● Activity:
A line-by-line copy of the material below is required.

------------------------------------------------

Lemma bruhat_le_homo (T : Type) (R : rel T) (f : {perm 'I_n} -> T) :
  reflexive R -> transitive R -> (forall u v, bruhat_step u v -> R (f u) (f v)) ->
  forall u v, bruhat_le u v -> R (f u) (f v).
Proof.
move=> Rrefl Rtrans Rstep u v; elim=> [x y /Rstep|x|x y z _ Rxy _ Ryz] //.
exact: Rtrans Rxy Ryz.
Qed.

Lemma bruhat_le_first u v c : (c : nat) = 0 -> bruhat_le u v -> (u^-1)%g c <= (v^-1)%g c.
Proof.
move=> c0; apply: (bruhat_le_homo (f := fun w => val ((w^-1)%g c)) leqnn leq_trans).
move=> {}u {}v /bruhat_step_ordered [a [b [ab -> _ uab]]] /=.
rewrite invMg permM tpermV; case: tpermP => [ca|cb|_ _] //; subst; [exact: ltnW | lia].
Qed.

Lemma bruhat_le_last u v c : (c : nat) = n.-1 -> bruhat_le u v -> (v^-1)%g c <= (u^-1)%g c.
Proof.
move=> cn; apply: (bruhat_le_homo (f := fun w => val ((w^-1)%g c)) (R := geq) leqnn).
  by move=> y x z xy zy; exact: leq_trans zy xy.
move=> {}u {}v /bruhat_step_ordered [a [b [ab -> _ uab]]] /=.
rewrite invMg permM tpermV; case: tpermP => [ca|cb|_ _] //; subst.
  by have := ltn_ord b; lia.
exact: ltnW.
Qed.

Lemma bruhat_lt_length u v : bruhat_lt u v -> perm_length u < perm_length v.
Proof.
move=> [uv]; suff [->//|//] : u = v \/ perm_length u < perm_length v.
elim: uv => [x y /bruhat_step_ordered [_ [_ [_ _ lt _]]]|x|x y z _ [->|xy] _ [<-|yz]];
  by [right | left | right; exact: ltn_trans xy yz].
Qed.

Lemma bruhat_lt_swap u q p : q < p -> u q < u p -> bruhat_lt u (tperm q p * u)%g.
Proof.
move=> qp uqp; have lt := perm_length_swap qp uqp.
split; last by move=> e; rewrite -e ltnn in lt.
apply: rt_step; exists (u q), (u p); rewrite mulg_tpermE; split => //.
by rewrite (inj_eq perm_inj) -val_eqE /= neq_ltn qp.
Qed.

Definition w_root_shape k l u :=
  [/\ (u k : nat) = 0, (u l : nat) = n.-1 &
      forall x y, x < y -> x \notin [:: k; l] -> y \notin [:: k; l] -> u y < u x].

Lemma perm_val_neq u x y : x != y -> (u x : nat) != u y.
Proof. by apply: contraNneq => /val_inj/perm_inj->. Qed.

------------------------------------------------

● Response:
Lemma bruhat_le_homo (T : Type) (R : rel T) (f : {perm 'I_n} -> T) :
  reflexive R -> transitive R -> (forall u v, bruhat_step u v -> R (f u) (f v)) ->
  forall u v, bruhat_le u v -> R (f u) (f v).
Proof.
move=> Rrefl Rtrans Rstep u v; elim=> [x y /Rstep|x|x y z _ Rxy _ Ryz] //.
exact: Rtrans Rxy Ryz.
Qed.

Lemma bruhat_le_first u v c : (c : nat) = 0 -> bruhat_le u v -> (u^-1)%g c <= (v^-1)%g c.
Proof.
move=> c0; apply: (bruhat_le_homo (f := fun w => val ((w^-1)%g c)) leqnn leq_trans).
move=> {}u {}v /bruhat_step_ordered [a [b [ab -> _ uab]]] /=.
rewrite invMg permM tpermV; case: tpermP => [ca|cb|_ _] //; subst; [exact: ltnW | lia].
Qed.

Lemma bruhat_le_last u v c : (c : nat) = n.-1 -> bruhat_le u v -> (v^-1)%g c <= (u^-1)%g c.
Proof.
move=> cn; apply: (bruhat_le_homo (f := fun w => val ((w^-1)%g c)) (R := geq) leqnn).
  by move=> y x z xy zy; exact: leq_trans zy xy.
move=> {}u {}v /bruhat_step_ordered [a [b [ab -> _ uab]]] /=.
rewrite invMg permM tpermV; case: tpermP => [ca|cb|_ _] //; subst.
  by have := ltn_ord b; lia.
exact: ltnW.
Qed.

Lemma bruhat_lt_length u v : bruhat_lt u v -> perm_length u < perm_length v.
Proof.
move=> [uv]; suff [->//|//] : u = v \/ perm_length u < perm_length v.
elim: uv => [x y /bruhat_step_ordered [_ [_ [_ _ lt _]]]|x|x y z _ [->|xy] _ [<-|yz]];
  by [right | left | right; exact: ltn_trans xy yz].
Qed.

Lemma bruhat_lt_swap u q p : q < p -> u q < u p -> bruhat_lt u (tperm q p * u)%g.
Proof.
move=> qp uqp; have lt := perm_length_swap qp uqp.
split; last by move=> e; rewrite -e ltnn in lt.
apply: rt_step; exists (u q), (u p); rewrite mulg_tpermE; split => //.
by rewrite (inj_eq perm_inj) -val_eqE /= neq_ltn qp.
Qed.

Definition w_root_shape k l u :=
  [/\ (u k : nat) = 0, (u l : nat) = n.-1 &
      forall x y, x < y -> x \notin [:: k; l] -> y \notin [:: k; l] -> u y < u x].

Lemma perm_val_neq u x y : x != y -> (u x : nat) != u y.
Proof. by apply: contraNneq => /val_inj/perm_inj->. Qed.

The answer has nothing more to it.